### AIM OF THE TASK
Only one stretch of the listing below is wanted. Give it again exactly, from the line with "apply jointly_continuous_t_ge0_minus; [exact" through the line with "eps * paraboloid 1 K a t1 z1)".

Start of DATA IN THIS EXERCISE

Lemma notV_hedge x k : r x != x -> (k < l x)%N -> ~~ isV sr (hedge x k).
Proof. by move=> hx lt_k; rewrite isV_sub hedgeE. Qed.

Lemma sub_r_hedge x k : r x != x -> (k < l x)%N -> sr (hedge x k) = pt x k.
Proof. by move=> hx lt_k; apply: val_inj; rewrite sub_rE hedgeE // ptE //= (inord_l lt_k). Qed.

Lemma sub_i_hedge x k : r x != x -> (k < l x)%N -> si (hedge x k) = hedge (i x) (l x - 1 - k).
Proof.
move=> hx lt_k; apply: val_inj; rewrite sub_iE !hedgeE ?half_i //= ?(inord_l lt_k) //.
by rewrite l_i; have := l_gt0 hx; lia.
Qed.

Lemma nbr_hedge x k : r x != x -> (k < l x)%N -> nbr (hedge x k) = pt (i x) (l x - 1 - k).
Proof.
by move=> hx lt_k; rewrite /nbr sub_i_hedge // sub_r_hedge ?half_i // l_i; have := l_gt0 hx; lia.
Qed.

Lemma pt0 x : r x != x -> pt x 0 = vtx (r x).
Proof. by move=> hx; apply: val_inj; rewrite ptE ?l_gt0 // vtxE ?rK. Qed.

Lemma pt_i x k : r x != x -> (0 < k < l x)%N -> pt x k = pt (i x) (l x - k).
Proof.
move=> hx /andP [k0 lt_k]; apply: val_inj.
have lt_k' : (l x - k < l (i x))%N by rewrite l_i; lia.
rewrite ptE // ptE ?half_i // /point iK l_i canon_i //.
have -> : (k == 0%N) = false by lia.
have -> : (l x - k == 0)%N = false by lia.
case: (canon i x) => //=; congr (_, _); apply: val_inj.
have lt2 : (l x - (l x - k) < l x)%N by lia.
by rewrite /= (inord_l lt2) (inord_l lt_k); lia.
Qed.
Lemma delayed_value_le_paraboloid (u : R -> R -> R) sg a c h eps K tau zs :
  0 <= eps -> 0 <= K -> 0 <= h ->
  (forall t z, 0 <= t <= tau -> 0 <= sg * (z - a) -> u t z <= paraboloid eps K a t z) ->
  (tau - h < 0 \/ sg * (zs - c * h - a) <= 0 -> u (tau - h) (zs - c * h) <= 0) ->
  Rmax 0 (u (tau - h) (zs - c * h)) <= (2 + 2 * c ^ 2 * h ^ 2) * paraboloid eps K a tau zs.
Proof.
  intros Heps HK Hh Hbelow Hout.
  pose proof (paraboloid_delay_le eps K a c h tau zs Heps HK Hh) as Hshift.
  assert (Hpar : 0 <= paraboloid eps K a (tau - h) (zs - c * h))
    by (unfold paraboloid; pose proof (exp_pos (K * (tau - h)));
        pose proof (pow2_ge_0 (zs - c * h - a)); apply Rmult_le_pos; [apply Rmult_le_pos |]; lra).
  apply Rmax_lub; [lra |].
  destruct (Rlt_or_le (tau - h) 0) as [Hneg | Hnn]; [pose proof (Hout (or_introl Hneg)); lra |].
  destruct (Rle_or_lt (sg * (zs - c * h - a)) 0) as [Hoff | Hon];
    [pose proof (Hout (or_intror Hoff)); lra |].
  pose proof (Hbelow (tau - h) (zs - c * h) ltac:(lra) ltac:(lra)). lra.
Qed.

(* If [u t1 z1 > 0], the paraboloid taking half that value at [(t1, z1)]
   touches [u] from above at a first contact time. *)
Lemma half_line_comparison (u : R -> R -> R) (sg a c h L B : R) :
  sg = 1 \/ sg = -1 -> 0 <= h -> 0 <= L -> jointly_continuous_t_ge0 u ->
  (forall t z, 0 <= t -> 0 <= sg * (z - a) -> u t z <= B) ->
  (forall z, 0 <= sg * (z - a) -> u 0 z <= 0) ->
  (forall t, 0 <= t -> u t a <= 0) ->
  (forall t z, 0 < t -> 0 < sg * (z - a) -> delayed_subsolution_at c h L u t z) ->
  (forall t z, 0 < t -> 0 < sg * (z - a) -> (t - h < 0 \/ sg * (z - c * h - a) <= 0) ->
     u (t - h) (z - c * h) <= 0) ->
  forall t z, 0 <= t -> 0 <= sg * (z - a) -> u t z <= 0.
Proof.
  intros Hsg Hh HL Hcont Hbd Hinit Hbdry Hsub Hdelay t1 z1 Ht1 Hz1.
  apply Rnot_lt_le; intro Hu1.
  set (Cd := 2 + 2 * c ^ 2 * h ^ 2).
  set (K := 2 + c ^ 2 + L * Cd).
  assert (HCd : 2 <= Cd) by (unfold Cd; nra).
  assert (HK : 0 < K) by (unfold K; nra).
  assert (Hpar1 : 0 < paraboloid 1 K a t1 z1)
    by (unfold paraboloid; pose proof (exp_pos (K * t1)); pose proof (pow2_ge_0 (z1 - a)); nra).
  set (eps := u t1 z1 / (2 * paraboloid 1 K a t1 z1)).
  assert (Heps : 0 < eps) by (apply Rdiv_lt_0_compat; lra).
  assert (Hpos : forall t z, 0 < paraboloid eps K a t z)
    by (intros; unfold paraboloid; pose proof (pow2_ge_0 (z - a));
        apply Rmult_lt_0_compat; [apply Rmult_lt_0_compat; [exact Heps | apply exp_pos] | lra]).
  destruct (paraboloid_far_dominates eps K a B Heps (Rlt_le _ _ HK)) as [M HM].
  destruct (first_contact (fun t z => u t z - paraboloid eps K a t z) sg a M t1 z1 Hsg)
    as [tau [zs [Htau [Hzs [Hcontact Hbelow]]]]]; cbv beta in *.
  { apply jointly_continuous_t_ge0_minus; [exact Hcont | apply paraboloid_continuous]. }
  { intros t z Ht Hz Hfar. specialize (Hbd t z Ht Hz). specialize (HM t z Ht Hfar). lra. }
  { intros z Hz. specialize (Hinit z Hz). specialize (Hpos 0 z). lra. }
  { exact Ht1. }
  { exact Hz1. }
  { assert (paraboloid eps K a t1 z1 = eps * paraboloid 1 K a t1 z1)
      by (unfold paraboloid; ring).
    assert (eps * paraboloid 1 K a t1 z1 = u t1 z1 / 2) by (unfold eps; field; lra). lra. }
  assert (Hin : 0 < sg * (zs - a)).
  { destruct Hzs as [Hzs | Hzs]; [exact Hzs |].
    replace zs with a in Hcontact by (destruct Hsg as [-> | ->]; lra).
    specialize (Hbdry tau (Rlt_le _ _ Htau)). specialize (Hpos tau a). lra. }
  assert (Hdel : Rmax 0 (u (tau - h) (zs - c * h)) <= Cd * paraboloid eps K a tau zs).
  { apply (delayed_value_le_paraboloid u sg a c h eps K tau zs); try lra.
    - intros t z Ht Hz. specialize (Hbelow t z Ht Hz). lra.
    - exact (Hdelay tau zs Htau Hin). }
  pose proof (Rmin_l tau (sg * (zs - a))). pose proof (Rmin_r tau (sg * (zs - a))).
  apply (paraboloid_cannot_touch_subsolution u c h L eps K a tau zs (Rmin tau (sg * (zs - a))));
    auto; [apply Rmin_pos; lra | lra | |].
  - intros s Hs. enough (u s zs - paraboloid eps K a s zs <= 0) by lra. apply Hbelow; lra.
  - intros z Hdz. enough (u tau z - paraboloid eps K a tau z <= 0) by lra. apply Hbelow; [lra |].
    rewrite <- (Rabs_sign_mul sg) in Hdz by exact Hsg. apply Rabs_def2 in Hdz. lra.
Qed.

Lemma hyp_H_decomposition (g : R -> R) kappa : hyp_H g kappa -> forall x,
  g x = g (Rmin (Rmax x 0) kappa) + Derive g 0 * Rmin x 0 + Derive g kappa * Rmax (x - kappa) 0.
Proof.
  intros [Hk [Hg0 [Hgk [_ [_ [_ [_ [_ [_ [_ [_ [_ [_ [_ [_ [_ [_ [_ [Hl0 Hlk]]]]]]]]]]]]]]]]]]] x.
  destruct (Rle_dec x 0) as [H0 | H0]; [| destruct (Rle_dec x kappa) as [H1 | H1]].
  - rewrite (Hl0 x H0), (Rmax_right x 0 H0), (Rmin_left 0 kappa), Hg0, (Rmin_left x 0 H0),
      (Rmax_right (x - kappa) 0) by lra. ring.
  - rewrite (Rmax_left x 0), (Rmin_left x kappa), (Rmin_right x 0), (Rmax_right (x - kappa) 0)
      by lra. ring.
  - rewrite (Hlk x), (Rmax_left x 0), (Rmin_right x kappa), Hgk, (Rmin_right x 0),
      (Rmax_left (x - kappa) 0) by lra. ring.
Qed.

Lemma hyp_H_lipschitz (g : R -> R) kappa : hyp_H g kappa ->
  exists L, 0 <= L /\ forall x y, Rabs (g x - g y) <= L * Rabs (x - y).
Proof.
  intros HH. pose proof (hyp_H_decomposition g kappa HH) as Hdec.
  destruct HH as [Hk [_ [_ [_ [_ [Lg [_ [_ [_ [_ [_ [_ [_ [_ [_ [_ [HLip _]]]]]]]]]]]]]]]]].
  set (D0 := Derive g 0) in *. set (Dk := Derive g kappa) in *.
  set (p := fun x => Rmin (Rmax x 0) kappa).
  pose proof (Rabs_pos Lg). pose proof (Rabs_pos D0). pose proof (Rabs_pos Dk).
  exists (Rabs Lg + Rabs D0 + Rabs Dk). split; [lra |]. intros x y.
  assert (Hp : forall x, 0 <= p x <= kappa)
    by (intro; unfold p, Rmin, Rmax; repeat destruct Rle_dec; lra).
  assert (A1 : Rabs (p x - p y) <= Rabs (x - y))
    by (unfold p, Rmin, Rmax; repeat destruct Rle_dec; unfold Rabs; repeat destruct Rcase_abs; lra).
  assert (A2 : Rabs (Rmin x 0 - Rmin y 0) <= Rabs (x - y))
    by (unfold Rmin; repeat destruct Rle_dec; unfold Rabs; repeat destruct Rcase_abs; lra).
  assert (A3 : Rabs (Rmax (x - kappa) 0 - Rmax (y - kappa) 0) <= Rabs (x - y))
    by (unfold Rmax; repeat destruct Rle_dec; unfold Rabs; repeat destruct Rcase_abs; lra).
  assert (B1 : Rabs (g (p x) - g (p y)) <= Rabs Lg * Rabs (x - y)).
  { apply Rle_trans with (Lg * Rabs (p x - p y)); [exact (HLip _ _ (Hp x) (Hp y)) |].
    apply Rle_trans with (Rabs Lg * Rabs (p x - p y));
      [apply Rmult_le_compat_r; [apply Rabs_pos | apply Rle_abs] |].
    apply Rmult_le_compat_l; [apply Rabs_pos | exact A1]. }
  assert (B2 : Rabs (D0 * (Rmin x 0 - Rmin y 0)) <= Rabs D0 * Rabs (x - y))
    by (rewrite Rabs_mult; apply Rmult_le_compat_l; [apply Rabs_pos | exact A2]).
  assert (B3 : Rabs (Dk * (Rmax (x - kappa) 0 - Rmax (y - kappa) 0)) <= Rabs Dk * Rabs (x - y))
    by (rewrite Rabs_mult; apply Rmult_le_compat_l; [apply Rabs_pos | exact A3]).
  rewrite (Hdec x), (Hdec y).
  change (Rmin (Rmax x 0) kappa) with (p x). change (Rmin (Rmax y 0) kappa) with (p y).
  replace (g (p x) + D0 * Rmin x 0 + Dk * Rmax (x - kappa) 0
           - (g (p y) + D0 * Rmin y 0 + Dk * Rmax (y - kappa) 0))
    with (g (p x) - g (p y) + D0 * (Rmin x 0 - Rmin y 0)
          + Dk * (Rmax (x - kappa) 0 - Rmax (y - kappa) 0)) by ring.
  eapply Rle_trans; [apply Rabs_triang |].
  eapply Rle_trans; [apply Rplus_le_compat_r, Rabs_triang |]. lra.
Qed.

Lemma increasing_one_sided_lipschitz (g : R -> R) L :
  (forall x y, x <= y -> g x <= g y) -> (forall x y, Rabs (g x - g y) <= L * Rabs (x - y)) ->
  forall x y, g x - g y <= L * Rmax 0 (x - y).
Proof.
  intros Hmono HL x y. destruct (Rle_or_lt x y) as [Hxy | Hxy].
  - rewrite Rmax_left by lra. specialize (Hmono x y Hxy). lra.
  - rewrite Rmax_right by lra. specialize (HL x y). rewrite (Rabs_right (x - y)) in HL by lra.
    pose proof (Rle_abs (g x - g y)). lra.
Qed.

Lemma hyp_H_local_slopes g kappa rL rR : hyp_H g kappa -> 0 < rL -> 0 < rR ->
  exists b, 0 < b /\
    (forall a s, 0 <= a -> 0 <= s -> a + s <= b ->
       g (a + s) - g a <= (Derive g 0 + rL) * s) /\
    (forall a s, kappa - b <= a -> 0 <= s -> a + s <= kappa + b ->
       g (a + s) - g a <= (Derive g kappa + rR) * s).
Proof.
  intros [_ [_ [_ [_ [d0 [_ [_ [_ [Hd0 [_ [_ [_ [HC0 [HCk _]]]]]]]]]]]]]] HrL HrR.
  destruct (increment_le_near g 0 d0 rL Hd0 HrL) as [bL [HbL HgL]].
  { intros x Hx. rewrite Rminus_0_r in Hx. apply HC0, Hx. }
  { apply HC0. rewrite Rabs_R0. exact Hd0. }
  destruct (increment_le_near g kappa d0 rR Hd0 HrR) as [bR [HbR HgR]].
  { intros x Hx. apply HCk, Hx. }
  { apply HCk. rewrite Rminus_diag, Rabs_R0. exact Hd0. }
  pose proof (Rmin_l bL bR). pose proof (Rmin_r bL bR).
  exists (Rmin bL bR). split; [apply Rmin_pos; assumption | split].
  - intros a s Ha Hs Has. apply HgL; lra.
  - intros a s Ha Hs Has. apply HgR; lra.
Qed.
Lemma moved_ltn_size s a b t : moved s a b t -> a != b -> (a < size s) && (b < size s).
Proof.
move=> mv_st neq_ab; have := moved_gt0 mv_st neq_ab.
have [size_t /(_ b)] := mv_st; rewrite eqxx [b == a]eq_sym (negPf neq_ab) => nth_b pos_a.
apply/andP; split; rewrite ltnNge; apply/negP => ge_size.
  by move: pos_a; rewrite nth_default.
by move: nth_b; rewrite (nth_default _ ge_size) nth_default ?size_t.
Qed.

Lemma moved_common_src s a b b' t u : moved s a b t -> moved s a b' u -> moved t b b' u.
Proof.
move=> [size_t nth_t] [size_u nth_u]; split=> [|k]; first by rewrite size_t.
by have := nth_t k; have := nth_u k; lia.
Qed.

Lemma moved_common_dst s a a' b t u : moved s a b t -> moved s a' b u -> moved t a' a u.
Proof.
move=> [size_t nth_t] [size_u nth_u]; split=> [|k]; first by rewrite size_t.
by have := nth_t k; have := nth_u k; lia.
Qed.

Lemma moved_triangle s t u a1 b1 a2 b2 e f : moved s a1 b1 t -> moved s a2 b2 u ->
  moved t e f u -> a1 != b1 -> a2 != b2 -> a1 = a2 \/ b1 = b2.
Proof.
move=> [_ nth_t] [_ nth_u] [_ nth_tu] neq_ab1 neq_ab2.
have [->|neq_a] := eqVneq a1 a2; first by left.
have [->|neq_b] := eqVneq b1 b2; [by right | exfalso].
have coef k : (k == b2) + (k == e) + (k == a1) = (k == b1) + (k == f) + (k == a2) :> nat.
  by have := nth_t k; have := nth_u k; have := nth_tu k; lia.
have := coef a2; have := coef b2; have := coef a1.
rewrite !eqxx (negPf neq_ab1) (negPf neq_ab2) [b2 == a2]eq_sym (negPf neq_ab2).
rewrite (negPf neq_a) [a2 == a1]eq_sym (negPf neq_a) [b2 == b1]eq_sym (negPf neq_b).
by case: (a2 =P e) => [<-|_]; case: (b2 =P f) => [<-|_]; rewrite ?eqxx ?(negPf neq_ab2) /=; lia.
Qed.

Lemma raw_transfer_moved s i j : i != j -> i < size s -> j < size s -> 0 < nth 0 s i ->
  moved s i j (raw_transfer s i j).
Proof.
move=> neq_ij lt_is lt_js pos_i; split=> [|k]; first exact: size_raw_transfer.
rewrite nth_raw_transfer //.
have [->|neq_kj] := eqVneq k j; first by rewrite [j == i]eq_sym (negPf neq_ij) addn0 addn1.
by have [->|neq_ki] := eqVneq k i; first lia.
Qed.

Lemma count_set_nth p s i v : i < size s ->
  count p (set_nth 0 s i v) + p (nth 0 s i) = count p s + p v.
Proof.
move=> lt_is; rewrite count_set_nth_ltn //.
suff : p (nth 0 s i) <= count p s by lia.
have [p_si|] //= := boolP (p (nth 0 s i)).
by rewrite -has_count; apply/hasP; exists (nth 0 s i); rewrite ?mem_nth.
Qed.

End of DATA IN THIS EXERCISE

### OUTPUT BELOW
  { apply jointly_continuous_t_ge0_minus; [exact Hcont | apply paraboloid_continuous]. }
  { intros t z Ht Hz Hfar. specialize (Hbd t z Ht Hz). specialize (HM t z Ht Hfar). lra. }
  { intros z Hz. specialize (Hinit z Hz). specialize (Hpos 0 z). lra. }
  { exact Ht1. }
  { exact Hz1. }
  { assert (paraboloid eps K a t1 z1 = eps * paraboloid 1 K a t1 z1)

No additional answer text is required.